--- START ---
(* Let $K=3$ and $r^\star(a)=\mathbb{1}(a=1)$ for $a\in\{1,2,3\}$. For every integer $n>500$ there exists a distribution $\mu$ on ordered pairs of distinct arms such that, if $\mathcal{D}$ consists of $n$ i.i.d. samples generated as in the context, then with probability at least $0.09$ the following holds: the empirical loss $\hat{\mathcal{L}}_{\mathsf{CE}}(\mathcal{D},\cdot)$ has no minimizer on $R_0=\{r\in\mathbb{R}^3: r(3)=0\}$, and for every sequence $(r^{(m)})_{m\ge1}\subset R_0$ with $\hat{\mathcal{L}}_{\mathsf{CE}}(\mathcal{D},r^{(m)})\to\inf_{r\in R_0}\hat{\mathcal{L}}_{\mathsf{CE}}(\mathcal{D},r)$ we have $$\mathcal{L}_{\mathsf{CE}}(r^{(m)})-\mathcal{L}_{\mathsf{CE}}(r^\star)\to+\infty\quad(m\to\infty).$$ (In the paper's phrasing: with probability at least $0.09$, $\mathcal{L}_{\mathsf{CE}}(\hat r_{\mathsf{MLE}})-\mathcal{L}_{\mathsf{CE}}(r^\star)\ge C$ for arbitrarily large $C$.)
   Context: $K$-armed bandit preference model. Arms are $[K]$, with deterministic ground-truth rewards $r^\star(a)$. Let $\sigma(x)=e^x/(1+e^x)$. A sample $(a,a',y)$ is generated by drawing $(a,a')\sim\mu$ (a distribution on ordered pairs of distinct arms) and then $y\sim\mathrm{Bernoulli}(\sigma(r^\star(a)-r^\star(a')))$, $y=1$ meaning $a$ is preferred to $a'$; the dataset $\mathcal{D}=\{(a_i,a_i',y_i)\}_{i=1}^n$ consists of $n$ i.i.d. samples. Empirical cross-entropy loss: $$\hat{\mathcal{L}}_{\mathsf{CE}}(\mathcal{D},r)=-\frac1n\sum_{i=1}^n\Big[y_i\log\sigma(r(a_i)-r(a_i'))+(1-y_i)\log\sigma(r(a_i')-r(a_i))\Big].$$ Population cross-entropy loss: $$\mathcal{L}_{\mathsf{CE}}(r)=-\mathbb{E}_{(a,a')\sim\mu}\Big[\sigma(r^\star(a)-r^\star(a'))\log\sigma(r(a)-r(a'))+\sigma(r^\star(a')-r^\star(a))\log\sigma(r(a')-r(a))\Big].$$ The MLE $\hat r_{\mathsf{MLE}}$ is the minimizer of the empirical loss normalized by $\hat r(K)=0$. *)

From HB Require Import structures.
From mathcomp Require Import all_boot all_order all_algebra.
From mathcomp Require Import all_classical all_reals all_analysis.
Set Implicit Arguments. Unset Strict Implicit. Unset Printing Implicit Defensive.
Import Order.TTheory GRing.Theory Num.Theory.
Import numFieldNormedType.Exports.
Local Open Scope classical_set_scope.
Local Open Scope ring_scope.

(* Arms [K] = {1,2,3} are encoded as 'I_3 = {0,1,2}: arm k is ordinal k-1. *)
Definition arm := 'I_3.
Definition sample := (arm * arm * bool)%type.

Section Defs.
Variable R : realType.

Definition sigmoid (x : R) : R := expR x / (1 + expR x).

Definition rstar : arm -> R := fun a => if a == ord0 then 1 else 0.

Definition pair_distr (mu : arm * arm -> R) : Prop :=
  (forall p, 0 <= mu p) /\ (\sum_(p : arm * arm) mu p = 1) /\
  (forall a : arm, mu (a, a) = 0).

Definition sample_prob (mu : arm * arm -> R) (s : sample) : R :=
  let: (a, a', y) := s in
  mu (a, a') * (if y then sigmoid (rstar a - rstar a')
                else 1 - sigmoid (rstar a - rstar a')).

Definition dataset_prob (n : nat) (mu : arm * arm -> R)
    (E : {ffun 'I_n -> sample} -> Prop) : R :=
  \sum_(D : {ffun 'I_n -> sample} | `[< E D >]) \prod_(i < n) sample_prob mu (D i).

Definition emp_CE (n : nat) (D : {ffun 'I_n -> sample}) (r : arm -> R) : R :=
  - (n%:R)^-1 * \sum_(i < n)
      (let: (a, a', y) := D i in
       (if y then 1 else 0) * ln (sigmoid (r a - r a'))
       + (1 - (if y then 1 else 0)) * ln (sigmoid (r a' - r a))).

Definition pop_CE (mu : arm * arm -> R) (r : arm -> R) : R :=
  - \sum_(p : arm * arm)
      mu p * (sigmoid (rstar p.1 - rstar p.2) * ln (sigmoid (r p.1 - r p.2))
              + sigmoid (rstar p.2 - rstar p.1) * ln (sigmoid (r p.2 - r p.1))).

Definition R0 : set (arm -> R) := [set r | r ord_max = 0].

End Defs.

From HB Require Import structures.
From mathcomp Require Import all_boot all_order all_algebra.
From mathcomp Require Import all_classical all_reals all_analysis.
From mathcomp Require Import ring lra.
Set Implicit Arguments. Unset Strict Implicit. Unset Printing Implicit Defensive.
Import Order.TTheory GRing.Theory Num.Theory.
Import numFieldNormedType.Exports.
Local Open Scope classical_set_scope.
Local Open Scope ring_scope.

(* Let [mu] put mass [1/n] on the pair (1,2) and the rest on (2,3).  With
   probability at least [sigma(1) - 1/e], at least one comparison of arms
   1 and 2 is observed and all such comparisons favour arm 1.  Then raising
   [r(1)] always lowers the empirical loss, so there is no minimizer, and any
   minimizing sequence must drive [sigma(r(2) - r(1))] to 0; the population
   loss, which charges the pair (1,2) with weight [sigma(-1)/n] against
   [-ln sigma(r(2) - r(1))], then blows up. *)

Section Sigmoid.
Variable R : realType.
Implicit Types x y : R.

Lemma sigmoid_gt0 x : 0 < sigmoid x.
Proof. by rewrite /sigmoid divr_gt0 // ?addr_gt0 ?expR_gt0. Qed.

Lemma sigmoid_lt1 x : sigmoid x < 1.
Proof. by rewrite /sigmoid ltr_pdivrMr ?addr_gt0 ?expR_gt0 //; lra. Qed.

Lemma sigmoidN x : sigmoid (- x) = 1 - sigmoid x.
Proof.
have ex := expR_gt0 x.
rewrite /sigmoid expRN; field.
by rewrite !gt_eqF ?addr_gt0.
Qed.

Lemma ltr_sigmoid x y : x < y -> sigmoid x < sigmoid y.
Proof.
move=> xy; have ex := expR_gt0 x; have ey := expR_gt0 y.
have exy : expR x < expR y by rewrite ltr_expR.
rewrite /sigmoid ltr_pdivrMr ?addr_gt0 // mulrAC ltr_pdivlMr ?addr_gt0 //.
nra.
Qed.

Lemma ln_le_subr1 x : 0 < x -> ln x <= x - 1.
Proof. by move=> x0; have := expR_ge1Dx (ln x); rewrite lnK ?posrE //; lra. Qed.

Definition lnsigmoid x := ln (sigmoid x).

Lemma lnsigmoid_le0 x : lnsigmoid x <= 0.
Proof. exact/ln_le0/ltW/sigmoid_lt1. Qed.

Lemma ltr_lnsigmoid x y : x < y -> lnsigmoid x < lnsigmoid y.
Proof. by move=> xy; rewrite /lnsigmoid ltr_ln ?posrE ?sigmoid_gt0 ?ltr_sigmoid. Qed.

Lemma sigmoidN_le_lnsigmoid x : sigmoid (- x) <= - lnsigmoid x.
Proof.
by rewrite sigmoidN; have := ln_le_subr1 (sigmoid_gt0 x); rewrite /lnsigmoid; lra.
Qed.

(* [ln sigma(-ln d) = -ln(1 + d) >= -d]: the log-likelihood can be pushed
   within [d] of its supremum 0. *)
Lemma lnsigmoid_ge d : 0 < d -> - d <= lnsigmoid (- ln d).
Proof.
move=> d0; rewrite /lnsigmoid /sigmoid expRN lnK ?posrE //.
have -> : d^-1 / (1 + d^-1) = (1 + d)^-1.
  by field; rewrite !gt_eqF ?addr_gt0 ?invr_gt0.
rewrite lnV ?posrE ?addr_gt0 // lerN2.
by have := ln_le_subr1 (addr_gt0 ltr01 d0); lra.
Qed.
--- END ---
▶ _WHAT NEEDS TO BE DONE_: Out of the material above, output word for word the line with "(if y then 1 else 0) *", the line with "Lemma ltr_lnsigmoid x", and all lines between them, with nothing else.

▶ _EXERCISE ANSWER_:
       (if y then 1 else 0) * ln (sigmoid (r a - r a'))
       + (1 - (if y then 1 else 0)) * ln (sigmoid (r a' - r a))).

Definition pop_CE (mu : arm * arm -> R) (r : arm -> R) : R :=
  - \sum_(p : arm * arm)
      mu p * (sigmoid (rstar p.1 - rstar p.2) * ln (sigmoid (r p.1 - r p.2))
              + sigmoid (rstar p.2 - rstar p.1) * ln (sigmoid (r p.2 - r p.1))).

Definition R0 : set (arm -> R) := [set r | r ord_max = 0].

End Defs.

From HB Require Import structures.
From mathcomp Require Import all_boot all_order all_algebra.
From mathcomp Require Import all_classical all_reals all_analysis.
From mathcomp Require Import ring lra.
Set Implicit Arguments. Unset Strict Implicit. Unset Printing Implicit Defensive.
Import Order.TTheory GRing.Theory Num.Theory.
Import numFieldNormedType.Exports.
Local Open Scope classical_set_scope.
Local Open Scope ring_scope.

(* Let [mu] put mass [1/n] on the pair (1,2) and the rest on (2,3).  With
   probability at least [sigma(1) - 1/e], at least one comparison of arms
   1 and 2 is observed and all such comparisons favour arm 1.  Then raising
   [r(1)] always lowers the empirical loss, so there is no minimizer, and any
   minimizing sequence must drive [sigma(r(2) - r(1))] to 0; the population
   loss, which charges the pair (1,2) with weight [sigma(-1)/n] against
   [-ln sigma(r(2) - r(1))], then blows up. *)

Section Sigmoid.
Variable R : realType.
Implicit Types x y : R.

Lemma sigmoid_gt0 x : 0 < sigmoid x.
Proof. by rewrite /sigmoid divr_gt0 // ?addr_gt0 ?expR_gt0. Qed.

Lemma sigmoid_lt1 x : sigmoid x < 1.
Proof. by rewrite /sigmoid ltr_pdivrMr ?addr_gt0 ?expR_gt0 //; lra. Qed.

Lemma sigmoidN x : sigmoid (- x) = 1 - sigmoid x.
Proof.
have ex := expR_gt0 x.
rewrite /sigmoid expRN; field.
by rewrite !gt_eqF ?addr_gt0.
Qed.

Lemma ltr_sigmoid x y : x < y -> sigmoid x < sigmoid y.
Proof.
move=> xy; have ex := expR_gt0 x; have ey := expR_gt0 y.
have exy : expR x < expR y by rewrite ltr_expR.
rewrite /sigmoid ltr_pdivrMr ?addr_gt0 // mulrAC ltr_pdivlMr ?addr_gt0 //.
nra.
Qed.

Lemma ln_le_subr1 x : 0 < x -> ln x <= x - 1.
Proof. by move=> x0; have := expR_ge1Dx (ln x); rewrite lnK ?posrE //; lra. Qed.

Definition lnsigmoid x := ln (sigmoid x).

Lemma lnsigmoid_le0 x : lnsigmoid x <= 0.
Proof. exact/ln_le0/ltW/sigmoid_lt1. Qed.

Lemma ltr_lnsigmoid x y : x < y -> lnsigmoid x < lnsigmoid y.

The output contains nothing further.